Who Should Invest in Private Equity

Bill Feingold  Sep 01, 2009 2:45 pm

Who Should Invest in Private Equity
 
Buy for value, not because the guy next to you is buying.
 

 
Great news! My book, The Undoing of Cowardice, is now available in a Kindle version.

And thanks to the Kindle, I get my favorite daily paper, the Financial Times, delivered electronically daily. No need to scrounge around the newsstands to try and find a copy or two.

I always make sure to read the Financial Times’ Lex column, a punchy and timely opinion segment, before I get to (or in some cases don’t get to) the rest of the morning’s required reading.


I certainly don’t always agree with what the Lex column has to say, but I always enjoy the way the columnists say it, and I want to be sure I know what they’re talking about.

Aspiring traders should put the Lex on their daily to-do list, near the top.

Anyway, today’s discusses the lethargic private-equity market, or as they called it when I was learning the business 25 years ago, the leveraged-buyout market. The column gives two reasons for the lack of deal flow: inaccessible funding and unwilling sellers (for whom today’s prices are still too low in view of the multiples that were being paid a few years ago).

I see an even more intrinsic problem, though it’s not so much with private equity itself as the way its investors play the game. When the deals were known as leveraged buyouts (a snarky, Gekko-esque term, don’t you think), they were mostly the province of patient and savvy money.

Deals happened when the businesses’ conservatively forecast cash flows could comfortably repay the money borrowed to buy out stockholders. They happened because of persistently low equity valuations of stock markets that had largely given up. They were, in brief, a product of the lost equity decade of the 1970s.

But now we are late into the 2000s.

Many pension managers, and other institutions, know about the strategies that have provided good returns over the years. So they want in -- or, as I argue in my book, they fear losing their jobs if they’re not doing what the other guy’s doing.

That’s why we started getting deals at extended prices, like Clear Channel (CCO), and why there were rumors of deals for Macy’s (M), and so forth.
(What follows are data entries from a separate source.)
Lemma rsum_ltb c u v N : (c <= N)%nat ->
  rsum (fun j => if (j <? c)%nat then u else v) N = INR c * u + INR (N - c) * v.
Proof.
  induction N as [|N IH]; intros H.
  - replace c with 0%nat by lia. simpl. lra.
  - destruct (Nat.eq_dec c (S N)) as [->|E].
    + rewrite Nat.sub_diag, (rsum_ext _ (fun _ => u)), rsum_const; [simpl; lra|].
      intros k Hk. destruct (Nat.ltb_spec k (S N)); [reflexivity|lia].
    + cbn [rsum]. rewrite IH by lia. destruct (Nat.ltb_spec N c); [lia|].
      replace (S N - c)%nat with (S (N - c)) by lia. rewrite S_INR. lra.
Qed.

Lemma rsum_overflow_le M r : rsum (fun m => if (m + r <? M)%nat then 0 else 1) M <= INR r.
Proof.
  assert (E : forall N, rsum (fun m => if (m + r <? M)%nat then 0 else 1) N = INR (N - (M - r))).
  { induction N as [|N IH]; cbn [rsum]; [reflexivity|]. rewrite IH.
    destruct (Nat.ltb_spec (N + r) M).
    - replace (S N - (M - r))%nat with (N - (M - r))%nat by lia. lra.
    - replace (S N - (M - r))%nat with (S (N - (M - r))) by lia. rewrite S_INR. lra. }
  rewrite E. apply le_INR. lia.
Qed.

Section WindowMoments.
Variable b : nat.
Hypothesis hb : (2 <= b)%nat.

Definition DeltaR (r n : nat) : R := IZR (Delta b r n).
Definition moment1 (K r : nat) : R := rsum (DeltaR r) (b ^ K).
Definition moment2 (K r : nat) : R := rsum (fun n => DeltaR r n ^ 2) (b ^ K).

Lemma DeltaR_mul_add r' a n' j : (a < b)%nat -> (j < b)%nat ->
  DeltaR (b * r' + a) (n' * b + j) =
  if (j <? b - a)%nat then INR a + DeltaR r' n' else INR a - INR b + DeltaR (S r') n'.
Proof.
  intros Ha Hj. unfold DeltaR. rewrite (Nat.mul_comm n' b), Delta_mul_add by auto.
  destruct (Nat.ltb_spec (j + a) b), (Nat.ltb_spec j (b - a)); try lia.
  - rewrite plus_IZR, <- INR_IZR_INZ. reflexivity.
  - rewrite !plus_IZR, minus_IZR, <- !INR_IZR_INZ. reflexivity.
Qed.

(* Of the [b] values of the last digit of [n], [b - a] produce no carry
   when [a] is added and [a] produce one. *)
Lemma rsum_window_mul_add (g : R -> R) K r' a : (a < b)%nat ->
  rsum (fun n => g (DeltaR (b * r' + a) n)) (b ^ S K) =
  rsum (fun n => INR (b - a) * g (INR a + DeltaR r' n)
                 + INR a * g (INR a - INR b + DeltaR (S r') n)) (b ^ K).
Proof.
  intros Ha. rewrite Nat.pow_succ_r', (Nat.mul_comm b (b ^ K)), rsum_mul.
  apply rsum_ext. intros n _.
  rewrite (rsum_ext _ (fun j => if (j <? b - a)%nat then g (INR a + DeltaR r' n)
                                else g (INR a - INR b + DeltaR (S r') n))).
  - rewrite rsum_ltb by lia. replace (b - (b - a))%nat with a by lia. lra.
  - intros j Hj. rewrite DeltaR_mul_add by auto. destruct (j <? b - a)%nat; reflexivity.
Qed.

Lemma moment1_mul_add K r' a : (a < b)%nat ->
  moment1 (S K) (b * r' + a) = INR (b - a) * (INR a * INR (b ^ K) + moment1 K r')
     + INR a * ((INR a - INR b) * INR (b ^ K) + moment1 K (S r')).
Proof.
  intros Ha. unfold moment1. rewrite (rsum_window_mul_add (fun x => x)) by auto.
  rewrite rsum_plus, !rsum_scal, !rsum_plus, !rsum_const. ring.
Qed.

Lemma moment2_mul_add K r' a : (a < b)%nat ->
  moment2 (S K) (b * r' + a) =
  INR (b - a) * (INR a ^ 2 * INR (b ^ K) + 2 * INR a * moment1 K r' + moment2 K r')
  + INR a * ((INR a - INR b) ^ 2 * INR (b ^ K) + 2 * (INR a - INR b) * moment1 K (S r')
             + moment2 K (S r')).
Proof.
  intros Ha. unfold moment2, moment1. rewrite (rsum_window_mul_add (fun x => x ^ 2)) by auto.
  rewrite rsum_plus, !rsum_scal.
  rewrite (rsum_ext (fun n => (INR a + DeltaR r' n) ^ 2)
            (fun n => INR a ^ 2 + (2 * INR a * DeltaR r' n + DeltaR r' n ^ 2))) by (intros; ring).
  rewrite (rsum_ext (fun n => (INR a - INR b + DeltaR (S r') n) ^ 2)
            (fun n => (INR a - INR b) ^ 2
                      + (2 * (INR a - INR b) * DeltaR (S r') n + DeltaR (S r') n ^ 2)))
    by (intros; ring).
  rewrite !rsum_plus, !rsum_scal, !rsum_const. ring.
Qed.

Lemma moment1_eq K r : (r <= b ^ K)%nat -> moment1 K r = INR r.
Proof.
  revert r. induction K as [|K IH]; intros r Hr.
  - unfold moment1, DeltaR. simpl. rewrite Delta_0_r, <- INR_IZR_INZ by auto.
    simpl in Hr. destruct r as [|[|]]; try lia.
    + rewrite s_0. simpl. lra.
    + rewrite s_1 by auto. simpl. lra.
  - pose proof (Nat.div_mod r b ltac:(lia)) as Hd.
    assert (Ha : (r mod b < b)%nat) by (apply Nat.mod_upper_bound; lia).
    rewrite Nat.pow_succ_r' in Hr.
    rewrite Hd, moment1_mul_add by auto.
    destruct (Nat.eq_dec (r mod b) 0) as [->|Z].
    + rewrite IH by nia. rewrite Nat.sub_0_r, Nat.add_0_r, mult_INR. simpl (INR 0). ring.
    + rewrite !IH by nia. rewrite minus_INR, plus_INR, mult_INR, S_INR by lia. ring.
Qed.

Definition mean_square (K r : nat) : R := moment2 K r / INR (b ^ K).

Lemma INR_pow_ge_1 K : 1 <= INR (b ^ K).
Proof. apply (le_INR 1), Nat.neq_0_lt_0, Nat.pow_nonzero. lia. Qed.

Lemma INR_pow_pos K : 0 < INR (b ^ K).
Proof. pose proof (INR_pow_ge_1 K). lra. Qed.

Lemma mean_square_nonneg K r : 0 <= mean_square K r.
Proof.
  apply Rdiv_le_0_compat; [|apply INR_pow_pos].
  apply rsum_nonneg. intros. apply pow2_ge_0.
Qed.

Lemma mean_square_0_r K : mean_square K 0 = 0.
Proof.
  unfold mean_square, moment2, DeltaR.
  rewrite (rsum_ext _ (fun _ => 0)), rsum_const; [unfold Rdiv; ring|].
  intros. rewrite Delta_0_l. simpl. ring.
Qed.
But too many of these nouveau private-equity players deserve Jack Nicholson’s remonstration in A Few Good Men -- you can’t handle the truth.

Private equity makes the most sense after stock prices have been persistently depressed. It’s absolutely not for chasing performance. But when most private equity (such a friendlier name than LBO, don’t you think?) investors should've been looking to get into solid, low-leverage deals six months ago, most of them were trying to get out at any price. Markets, such as they were, were developing to buy out panicky interests at fractions of what they were probably worth.

We need to encourage long-term capital formation and give people incentive to buy where they see value. When you only buy because something's worked recently, or the other guys are buying too, rarely will you see any value.

Private equity is for those who can handle the truth.